Много лет утекло с тех пор, давно уже нет лестницы и стены, по которой поднимался в мою сторону отблеск свечи. (...) Давно уже отец мой утратил способность говорить: „Ступай к мальчику”. Возможность таких минут никогда уж не возродится для меня. Но с недавнего времени, стоит вслушаться, и начинаю различать рыдания, которые я изо всех сил сдерживал тогда, стоя перед отцом, расплакавшись только потом, когда остался один, с матерью. На самом-то деле рыдания эти и не кончались никогда, и лишь потому, что жизнь всё больше замолкает вокруг меня, я снова слышу их, как те монастырские колокола, которые бывают днём заглушены уличным шумом, так что думаешь, что они совсем не звучат, но которые вновь начинают звонить в вечерней тишине. (Пруст, перевод А. Франковского).

Нечто общее роднит трёх авторов разных эпох: особый строй повествования.
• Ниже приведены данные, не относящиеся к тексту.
(* Let $\rho,k\ge 1$ and let $\mathcal{F}$ be a finite family of $\rho$-fat objects in the plane with size-ratio at most $k$, and let $G$ be its intersection graph. Then $\chi_{CF}^{pn}(G)=O(k^2\rho^2)$ and $\chi_{CF}^{cn}(G)=O(\rho^2\log k)$ (for $k\ge2$ in the latter), where the implied constants are absolute.
   Context: A simple Jordan region $C$ in the plane is $\rho$-fat if there exist $x\in C$ and discs $A,B$ centered at $x$ with radii $r_A,r_B$ such that $A\subseteq C\subseteq B$ and $r_B/r_A\le\rho$. The size of a $\rho$-fat object $C$ is the maximum of $r_A$ over all such pairs $A,B$. The size-ratio of $\mathcal{F}$ is $\max_{C_1,C_2\in\mathcal{F}}\mathrm{size}(C_1)/\mathrm{size}(C_2)$. The intersection graph of $\mathcal{F}$ has vertex set $\mathcal{F}$, with distinct $C_1,C_2$ adjacent iff $C_1\cap C_2\neq\emptyset$. A coloring of $V(G)$ is a pointed (resp. closed) CF-coloring if for every $v$ with $N_G(v)\neq\emptyset$ (resp. for every $v$), the set $N_G(v)=\{u:\{u,v\}\in E(G)\}$ (resp. $N_G[v]=N_G(v)\cup\{v\}$) contains a vertex whose color differs from the colors of all other vertices of that set; $\chi_{CF}^{pn}(G)$ and $\chi_{CF}^{cn}(G)$ denote the minimum numbers of colors in such colorings. *)

From Stdlib Require Import Reals Lra.
Open Scope R_scope.

Definition pt := (R * R)%type.
Definition dist2 (p q : pt) : R :=
  sqrt ((fst p - fst q)^2 + (snd p - snd q)^2).

Definition disc (x : pt) (r : R) : pt -> Prop := fun p => dist2 x p <= r.

Definition subset (A B : pt -> Prop) : Prop := forall p, A p -> B p.

Definition cont_path (f : R -> pt) : Prop :=
  forall t eps, 0 < eps -> exists delta, 0 < delta /\
    forall s, Rabs (s - t) < delta -> dist2 (f s) (f t) < eps.

Definition jordan_curve (g : R -> pt) : Prop :=
  cont_path g /\ (forall t, g (t + 1) = g t) /\
  (forall s t, 0 <= s < 1 -> 0 <= t < 1 -> g s = g t -> s = t).

Definition on_curve (g : R -> pt) (p : pt) : Prop :=
  exists t, 0 <= t <= 1 /\ g t = p.

(* q can be reached from p by a path in the complement of the curve
   (the components of this open set are its path components). *)
Definition joined_off (g : R -> pt) (p q : pt) : Prop :=
  exists f : R -> pt, cont_path f /\ f 0 = p /\ f 1 = q /\
    forall t, 0 <= t <= 1 -> ~ on_curve g (f t).

(* p lies in the bounded component of the complement of the curve. *)
Definition in_interior (g : R -> pt) (p : pt) : Prop :=
  ~ on_curve g p /\ exists M, forall q, joined_off g p q -> dist2 p q <= M.

Definition jordan_region (C : pt -> Prop) : Prop :=
  exists g, jordan_curve g /\
    forall p, C p <-> (on_curve g p \/ in_interior g p).

Definition fat_radius (rho : R) (C : pt -> Prop) (rA : R) : Prop :=
  exists x rB, C x /\ 0 < rA /\ subset (disc x rA) C /\
    subset C (disc x rB) /\ rB / rA <= rho.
Этот неслышно звучащий строй есть музыка.

Искусство прозы обнаруживает внутренную близость словесности и музыкальной композиции.

Здесь нет речи о так называемой гладкописи, равно как и о поэтической, стиховой музыкальности, легко улавливаемой, проще определяемой. Музыка прозы тоньше, нюансированней, прихотливей. Очевидно, что критик должен уметь взглянуть на явления литературы глазами человека, не чуждого другим искусствам. Ориентация в мире музыки важна для собственно литературной критики, то есть для анализа литературы как таковой, – и, похоже, не столь необходима для критики социологической.

Если верно, что музыка выражает всю полноту внутренней жизни человека – то есть на свой лад осуществляет высший проект литературы,то это значит, что прикоснуться к истокам литературного творчества, заглянуть в тёмную глубь, где сплетаются корни словесности, музыки и философии, немыслимо без знакомства с историей классической музыки. Невозможно понять, как устроен роман, не ведая законов и правил компонирования симфонии – музыкального аналога европейского романа.

Совершенный стиль предполагает развитый вкус, верное чувство слова, экономное использование изобразительных средств, энергию и лаконизм фразировки, основательную выучку у классиков русского языка

Ритм фразы, обдуманное распределение ударений, звуковая завершённость абзаца, смена тональностей, диалектика борьбы и взаимного преодоления главной и побочной темы, несущие конструкции, которые, как поперечные балки, проходят через всё здание, выдерживают его тяжесть, – во всём проявляет себя музыкальная природа прозы.

Совершенный стиль утоляет горечь жизни, но этого мало. Музыка, говорит Шопенгауэр, это голос глубочайшей сущности мира. Музыкальные структуры – структуры бытия. Есть основания утверждать, что сходную задачу своими средствами выполняет художественная проза.